I am a Protestant. But I was curious enough about postliberalism, despite its Catholic integralist strain, to take it seriously.
Hold on... let’s define postliberalism.
@PhilWMagness Calling it “poor form” is another deflection. Now it’s term policing, now it’s tone policing.
My argument isn’t about winning your definition fight.
It’s about whether Patterson can substantiate “subversion/capture” from conferences and paid deliverables. He can’t.
“Postliberalism” isn’t a trademark with one canonical meaning. It’s an umbrella term people use differently (Deneen, Natcons, Central European usage etc.).
I’m allowed to define how I’m using it.
The definition doesn’t prove Hungary “subverted” U.S. conservative institutions.
Contact ≠ capture. That’s my argument and what Patterson’s article gets wrong.
Disclosure requests aren’t a substitute for evidence. You can’t prove anything because all the evidence is apparently hidden.
So the absence of proof is the proof – making your theory unfalsifiable.
This only works on people who already believe your conclusion.
You’ve shown contracts with paid deliverables.
You haven’t shown clauses requiring pro-Orbán framing, coordinated talking points, or editorial approval over what gets published.
Without those strings, this amounts to specific people getting paid to produce content.
For comparison: my Hungary Foundation fellowship required articles about my research and experiences, but there were no viewpoint constraints or editorial approval rights.
When my WSJ piece ran, Fidesz-aligned outlets pounced with bad-faith mischaracterizations of my views and motives. But there were no institutional consequences.

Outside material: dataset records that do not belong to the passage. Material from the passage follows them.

(* With [b] bounding the rule
   lengths and [N] the number of nonterminals, take p = b ^ N.+1; a minimal
   derivation of a word longer than p has a subtree of yield in (b^N, p], and
   inside it a repeated nonterminal.  If the pumped pieces were both empty,
   removing the repetition would give a smaller derivation. *)
Theorem pumping_lemma (T : Type) (L : language T) : context_free L ->
  exists p, forall w, L w -> p < size w ->
  exists u v x y z, [/\ w = u ++ v ++ x ++ y ++ z, 0 < size (v ++ y),
    size (v ++ x ++ y) <= p & forall i, L (pump u v x y z i)].
Proof.
move=> [G HG]; set b := rhs_max (cfg_rules G); set N := size (nonterminals G).
have Hb A rhs : List.In (A, rhs) (cfg_rules G) -> size rhs <= b by exact: rhs_max_bound.
have b_gt0 : 0 < b by [].
exists (b ^ N.+1) => w /HG /cfg_lang_yields [k Hk] Hp.
elim/ltn_ind: k Hk => k IH Hk.
have bN_gt0 : 0 < b ^ N by rewrite expn_gt0 b_gt0.
case: (subtree_in_range Hb bN_gt0 Hk) => [|[A0 [w0 [k0 [HS0 /andP [Hlo Hhi]]]]]].
  by rewrite mul1n => Hs; move: Hp; rewrite ltnNge expnS (leq_trans Hs (leq_pmull _ b_gt0)).
have unseen0 : unseen G [::] = N.
  by rewrite /unseen (@eq_filter _ _ predT) ?filter_predT.
have [|[A [X [kX [y [ky [HSa HSb ky_lt]]]]]]|[? [? [? [//]]]]] :=
  repeats_or_seen Hb b_gt0 HS0.1 (S := [::]).
  by rewrite unseen0 mul1n.
have [_ [u [z [c0 [Ew Ek R0]]]]] := subtree_trans HS0 HSa.
have [v [y' [c1 [EX pumpA]]]] := pump_subtree HSb.
case: (posnP (size (v ++ y'))) => Hvy; last first.
  exists u, v, y, y', z; split=> [||| i]; first by rewrite Ew EX -!catA.
  - exact: Hvy.
  - by rewrite -EX (leq_trans (subtree_size HSa)) // expnS.
  - by apply/HG/cfg_lang_yields; have := R0 _ _ (pumpA i); rewrite -!catA; exists (c0 + (c1 * i + ky)).
move: Hvy EX; rewrite size_cat => /eqP; rewrite addn_eq0 => /andP [/eqP/size0nil -> /eqP/size0nil ->].
rewrite /= cats0 => EX; subst X.
by apply: (IH (c0 + ky)); [lia | rewrite Ew; apply: R0; case: HSb].
Qed.

Section TwoBlocks.
Variables (T : Type) (G : cfg T) (N : nat) (a c : T) (i j : nat).
Hypothesis rules_N : forall rhs, List.In (N, rhs) (cfg_rules G) <->
  rhs = map inr (nseq i a) ++ inl N :: map inr (nseq j c) \/
  rhs = map inr (nseq i a ++ nseq j c).

Lemma blocks_succ n :
  nseq i a ++ (nseq (i * n) a ++ nseq (j * n) c) ++ nseq j c =
  nseq (i * n.+1) a ++ nseq (j * n.+1) c.
Proof. by rewrite [i * n.+1]mulnS [j * n.+1]mulnSr !nseqD -!catA. Qed.

Lemma two_blocks_inv w k : yields G [:: inl N] w k ->
  exists2 n, 0 < n & w = nseq (i * n) a ++ nseq (j * n) c.
Proof.
elim/ltn_ind: k w => k IH w /yields_single_inv [rhs [k' [Ek /rules_N [] -> H]]]; subst k.
- have [w' -> /(yields_cat G [:: inl N])] := yields_prefix_inv H.
  move=> [w1 [w2 [k1 [k2 [-> Ek /(IH k1 ltac:(lia)) [n n_gt0 ->] /yields_terminals_inv ->]]]]].
  by exists n.+1; rewrite // blocks_succ.
- by exists 1; rewrite // (yields_terminals_inv H) !muln1.
Qed.

Lemma two_blocks n : 0 < n -> exists k, yields G [:: inl N] (nseq (i * n) a ++ nseq (j * n) c) k.
Proof.
case: n => [//|n] _; elim: n => [|n [k Hk]].
  exists 1; apply: yields_single (proj2 (rules_N _) (or_intror erefl)) _.
  by rewrite !muln1; apply: yields_terminals.
exists k.+1; apply: yields_single (proj2 (rules_N _) (or_introl erefl)) _.
rewrite -blocks_succ -[k]add0n; apply: yields_app; first exact: yields_terminals.
by rewrite -[k]addn0 -(cat1s (inl N)); apply: yields_app Hk (yields_terminals _ _).
Qed.

End TwoBlocks.

(* The grammar  S -> A B,  A -> 0 A 1 | 0 1,  B -> 22 B 3333 | 22 3333. *)
Definition G14 : cfg nat := CFG 0
  [:: (0, [:: inl 1; inl 2]);
      (1, [:: inr 0; inl 1; inr 1]);
      (1, [:: inr 0; inr 1]);
      (2, [:: inr 2; inr 2; inl 2; inr 3; inr 3; inr 3; inr 3]);
      (2, [:: inr 2; inr 2; inr 3; inr 3; inr 3; inr 3])].

Lemma G14_rules0 rhs : List.In (0, rhs) (cfg_rules G14) <-> rhs = [:: inl 1; inl 2].
Proof. by split=> /= H; intuition congruence. Qed.

Lemma G14_rules1 rhs : List.In (1, rhs) (cfg_rules G14) <->
  rhs = map inr (nseq 1 0) ++ inl 1 :: map inr (nseq 1 1) \/
  rhs = map inr (nseq 1 0 ++ nseq 1 1).
Proof. by split=> /= H; intuition congruence. Qed.

Lemma G14_rules2 rhs : List.In (2, rhs) (cfg_rules G14) <->
  rhs = map inr (nseq 2 2) ++ inl 2 :: map inr (nseq 4 3) \/
  rhs = map inr (nseq 2 2 ++ nseq 4 3).
Proof. by split=> /= H; intuition congruence. Qed.
(* Let $\mathcal C$ be a category of noncrossing $\{x,y\}$-coloured partitions ($x^{-1}=x$, $y^{-1}=y$) all of whose blocks have even size. If $\mathcal C$ contains a partition with a block of size at least four, then $\pi(xx,xx)\in\mathcal C$ or $\pi(yy,yy)\in\mathcal C$.
   Context: Colour sets and partitions: a colour set is a set $\mathcal A$ with an involution $a\mapsto a^{-1}$. For words $w,w'$ on $\mathcal A$, an element of $P^{\mathcal A}(w,w')$ is a partition of $|w|+|w'|$ points drawn as an upper row coloured (left to right) by $w$ and a lower row coloured by $w'$; its subsets are blocks. It is noncrossing if there are no four points $k_1<k_2<k_3<k_4$ (ordering: upper row left to right, then lower row right to left) with $k_1,k_3$ in one block and $k_2,k_4$ in a different block. Category operations: tensor product, composition (erasing middle points and closed loops), adjoint (reflection), rotation (moving an extreme point to the other row and replacing its colour $a$ by $a^{-1}$). A category of noncrossing partitions is a family $\mathcal C(w,w')\subset NC^{\mathcal A}(w,w')$ stable under these operations and containing $\pi(a,a)$ for all $a$. $\pi(w,w')$ denotes the one-block partition in $NC(w,w')$. *)

From mathcomp Require Import all_boot.
Set Implicit Arguments. Unset Strict Implicit. Unset Printing Implicit Defensive.

(* Points are numbered 0 .. size pu - 1 for the
   upper row (left to right) followed by size pu .. size pu + size pl - 1 for the
   lower row (left to right).  Two points lie in the same block iff they carry
   the same label.  Labels are only a representation: categories are required
   to be closed under change of representation ([peq]). *)
Record part (A : Type) := Part { pu : seq A; pl : seq A; lab : seq nat }.

Definition npts A (p : part A) := size (pu p) + size (pl p).
Definition wf A (p : part A) := size (lab p) == npts p.

Definition blk A (p : part A) (i j : nat) : bool :=
  [&& i < npts p, j < npts p & nth 0 (lab p) i == nth 0 (lab p) j].

Definition block_size A (p : part A) (i : nat) := count (blk p i) (iota 0 (npts p)).

Definition peq A (p q : part A) : Prop :=
  [/\ pu p = pu q, pl p = pl q & forall i j, blk p i j = blk q i j].

(* cyclic order: upper row left to right, then lower row right to left;
   [cyc p t] is the point at cyclic position t (an involution). *)
Definition cyc A (p : part A) (t : nat) : nat :=
  let k := size (pu p) in
  if t < k then t else k + (size (pl p)).-1 - (t - k).

Definition noncrossing A (p : part A) : Prop :=
  forall k1 k2 k3 k4, k1 < k2 -> k2 < k3 -> k3 < k4 -> k4 < npts p ->
    blk p (cyc p k1) (cyc p k3) -> blk p (cyc p k2) (cyc p k4) ->
    blk p (cyc p k1) (cyc p k2).

Definition onebl A (w w' : seq A) : part A := Part w w' (nseq (size w + size w') 0).

Definition tensor A (p q : part A) : part A :=
  let m := (foldr maxn 0 (lab p)).+1 in
  let kp := size (pu p) in let kq := size (pu q) in
  Part (pu p ++ pu q) (pl p ++ pl q)
       (take kp (lab p) ++ map (addn m) (take kq (lab q)) ++
        drop kp (lab p) ++ map (addn m) (drop kq (lab q))).

Definition adjoint A (p : part A) : part A :=
  Part (pl p) (pu p) (drop (size (pu p)) (lab p) ++ take (size (pu p)) (lab p)).

(* composition: p on top (in P(w,w')), q below (in P(w',w'')).
   Global nodes: points of p are 0..npts p - 1, points of q are
   npts p .. npts p + npts q - 1; lower point i of p is glued to upper point i of q. *)
Definition cedge A (p q : part A) (a b : nat) : bool :=
  let np := npts p in let kp := size (pu p) in
  [|| blk p a b,
      [&& np <= a, np <= b & blk q (a - np) (b - np)],
      [&& kp <= a, a < np & b == np + (a - kp)] |
      [&& kp <= b, b < np & a == np + (b - kp)] ].

Definition cemb A (p q : part A) (i : nat) : nat :=
  if i < size (pu p) then i else npts p + size (pu q) + (i - size (pu p)).

(* same-block relation of the composite: connected through the middle points
   (middle points and closed loops are erased) *)
Definition comprel A (p q : part A) (i j : nat) : bool :=
  [&& i < size (pu p) + size (pl q), j < size (pu p) + size (pl q) &
      connect [rel a b : 'I_(npts p + npts q).+1 | cedge p q a b]
              (inord (cemb p q i)) (inord (cemb p q j))].

Record is_category (A : Type) (inv : A -> A) (C : part A -> Prop) : Prop := {
  cat_wf : forall p, C p -> wf p;
  cat_nc : forall p, C p -> noncrossing p;
  cat_repr : forall p q, C p -> wf q -> peq p q -> C q;
  cat_id : forall a, C (Part [:: a] [:: a] [:: 0; 0]);
  cat_tensor : forall p q, C p -> C q -> C (tensor p q);
  cat_adjoint : forall p, C p -> C (adjoint p);
  cat_comp : forall p q r, C p -> C q -> pl p = pu q ->
      wf r -> pu r = pu p -> pl r = pl q ->
      (forall i j, blk r i j = comprel p q i j) -> C r;
  cat_rotl1 : forall a w w' u us ls, size us = size w -> size ls = size w' ->
      C (Part (a :: w) w' (u :: us ++ ls)) -> C (Part w (inv a :: w') (us ++ u :: ls));
  cat_rotl2 : forall a w w' u us ls, size us = size w -> size ls = size w' ->
      C (Part w (a :: w') (us ++ u :: ls)) -> C (Part (inv a :: w) w' (u :: us ++ ls));
  cat_rotr1 : forall a w w' u us ls, size us = size w -> size ls = size w' ->
      C (Part (rcons w a) w' (rcons us u ++ ls)) -> C (Part w (rcons w' (inv a)) (us ++ rcons ls u));
  cat_rotr2 : forall a w w' u us ls, size us = size w -> size ls = size w' ->
      C (Part w (rcons w' a) (us ++ rcons ls u)) -> C (Part (rcons w (inv a)) w' (rcons us u ++ ls))
}.

Definition xc : bool := false.
Definition yc : bool := true.
Definition xyinv : bool -> bool := id.

(* Read the points of a partition in cyclic order.  Pick three points
   x < y < z of one block.  By rotation, the arc from x to y becomes the upper
   row of a partition q of the category, with its two endpoints in the block
   and z on the lower row.  In q composed with its adjoint, the upper row and
   the lower row are both this arc, and both endpoints of both rows lie in a
   single block.  In the cyclic order of this composite the last upper point
   and the last lower point are adjacent; they have colours c and c^-1 and form
   a new arc of length two, with a third point of the block elsewhere.
   Repeating the construction on this arc yields the one-block partition
   pi(c c^-1, c c^-1). *)

From mathcomp Require Import all_boot zify.
Set Implicit Arguments. Unset Strict Implicit. Unset Printing Implicit Defensive.

Section Points.
Variable A : Type.
Implicit Types p : part A.

Lemma cyc_lt p t : t < npts p -> cyc p t < npts p.
Proof. by rewrite /cyc /npts; case: ifP; lia. Qed.

Lemma cycK p t : t < npts p -> cyc p (cyc p t) = t.
Proof.
rewrite /cyc /npts => ht; case: (ltnP t (size (pu p))) => h; first by rewrite h.
by rewrite ifF; lia.
Qed.

Lemma cyc_upper p t : t < size (pu p) -> cyc p t = t.
Proof. by rewrite /cyc => ->. Qed.

Lemma cyc_lower p t : size (pu p) <= t < npts p -> size (pu p) <= cyc p t.
Proof. by rewrite /cyc /npts => /andP [h h']; rewrite ltnNge h /=; lia. Qed.

Lemma blk_sym p i j : blk p i j = blk p j i.
Proof. by rewrite /blk eq_sym andbCA. Qed.

Lemma blk_trans p j i l : blk p i j -> blk p j l -> blk p i l.
Proof.
by rewrite /blk => /and3P [-> _ /eqP ->] /and3P [_ -> ->].
Qed.

Definition clab p : seq nat :=
  take (size (pu p)) (lab p) ++ rev (drop (size (pu p)) (lab p)).

Lemma size_clab p : wf p -> size (clab p) = npts p.
Proof.
rewrite /wf /clab /npts => /eqP e; rewrite size_cat size_rev size_drop size_takel; lia.
Qed.

Lemma nth_clab p t : wf p -> t < npts p ->
  nth 0 (clab p) t = nth 0 (lab p) (cyc p t).
Proof.
rewrite /wf /npts /clab /cyc => /eqP e ht; rewrite nth_cat size_takel; last lia.
case: ltnP => h; first by rewrite nth_take.
rewrite nth_rev size_drop e; last lia.
rewrite nth_drop; congr nth; lia.
Qed.

Lemma blk_cyc p t t' : wf p -> t < npts p -> t' < npts p ->
  blk p (cyc p t) (cyc p t') = (nth 0 (clab p) t == nth 0 (clab p) t').
Proof. by move=> w ht ht'; rewrite /blk !cyc_lt // !nth_clab. Qed.

End Points.

Lemma nth_rot (T : Type) (x0 : T) (s : seq T) n i : i + n < size s ->
  nth x0 (rot n s) i = nth x0 s (i + n).
Proof.
by move=> h; rewrite /rot nth_cat size_drop ifT ?nth_drop 1?addnC //; lia.
Qed.

Section CyclicForm.
Variables (A : Type) (inv : A -> A).
Implicit Types (p : part A) (s : seq A) (ls : seq nat).

(* [cpart k s ls] has colours [s] and labels [ls] in cyclic order, its first
   [k] points forming the upper row.  Lower colours are stored inverted, so
   that the rotation axioms act on [cpart] by moving [k] or rotating [s]. *)
Definition cpart k s ls : part A :=
  Part (take k s) (map inv (rev (drop k s))) (take k ls ++ rev (drop k ls)).

Definition cword p : seq A := pu p ++ map inv (rev (pl p)).

Lemma size_cword p : size (cword p) = npts p.
Proof. by rewrite /cword size_cat size_map size_rev. Qed.

Lemma size_pu_cpart k s ls : k <= size s -> size (pu (cpart k s ls)) = k.
Proof. exact: size_takel. Qed.

Lemma npts_cpart k s ls : k <= size s -> npts (cpart k s ls) = size s.
Proof. by move=> h; rewrite /npts size_pu_cpart //= size_map size_rev size_drop; lia. Qed.

Lemma wf_cpart k s ls : k <= size s -> size ls = size s -> wf (cpart k s ls).
Proof.
move=> h e; rewrite /wf npts_cpart //= size_cat size_rev size_drop size_takel; lia.
Qed.

Lemma clab_cpart k s ls : k <= size s -> size ls = size s -> clab (cpart k s ls) = ls.
Proof.
move=> h e; rewrite /clab size_pu_cpart //= take_size_cat ?size_takel; try lia.
by rewrite drop_size_cat ?size_takel ?revK ?cat_take_drop //; lia.
Qed.

Lemma cpartE p : involutive inv -> wf p -> p = cpart (size (pu p)) (cword p) (clab p).
Proof.
case: p => u l lb invK; rewrite /wf /npts /cpart /cword /clab /= => /eqP e.
have Ht : size (take (size u) lb) = size u by rewrite size_takel; lia.
rewrite take_size_cat // drop_size_cat // take_size_cat // drop_size_cat //.
by rewrite -map_rev !revK (mapK invK) cat_take_drop.
Qed.

End CyclicForm.

Section CategoryMoves.
Variables (A : Type) (inv : A -> A) (C : part A -> Prop).
Hypothesis HC : is_category inv C.
Hypothesis invK : involutive inv.
Implicit Types (s : seq A) (ls : seq nat).

Local Notation cpart := (cpart inv).

Lemma cat_cpart_pred k s ls : size ls = size s -> k < size s ->
  C (cpart k.+1 s ls) -> C (cpart k s ls).
Proof.
move=> e h; have [x0 _] : exists x0 : A, True by case: s h {e} => // x; exists x.
rewrite /cpart (take_nth x0) // (take_nth 0) ?e //.
rewrite (drop_nth x0 h) (drop_nth 0 (_ : k < size ls)) ?e // !rev_cons map_rcons.
by apply: (cat_rotr1 HC); rewrite ?size_takel ?size_map ?size_rev ?size_drop ?e //; lia.
Qed.

Lemma cat_cpart_succ k s ls : size ls = size s -> k < size s ->
  C (cpart k s ls) -> C (cpart k.+1 s ls).
Proof.
move=> e h; have [x0 _] : exists x0 : A, True by case: s h {e} => // x; exists x.
rewrite /cpart (take_nth x0) // (take_nth 0) ?e //.
rewrite (drop_nth x0 h) (drop_nth 0 (_ : k < size ls)) ?e // !rev_cons map_rcons.
rewrite -{2}(invK (nth x0 s k)).
by apply: (cat_rotr2 HC); rewrite ?size_takel ?size_map ?size_rev ?size_drop ?e //; lia.
Qed.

The Orbán media dogpile proves informal discipline: smears and delegitimization.
Your claim of subversion/capture implies formal discipline – institutional directives, approval power, penalties – which you can’t show.
@PhilWMagness All the worked-up replies are fixated on how I defined postliberalism.
Agree/disagree on postliberal economics – that has nothing to do with contact ≠ capture.
But ignoring my actual argument to litigate the label lets them link-dump prewritten takes, so here we are.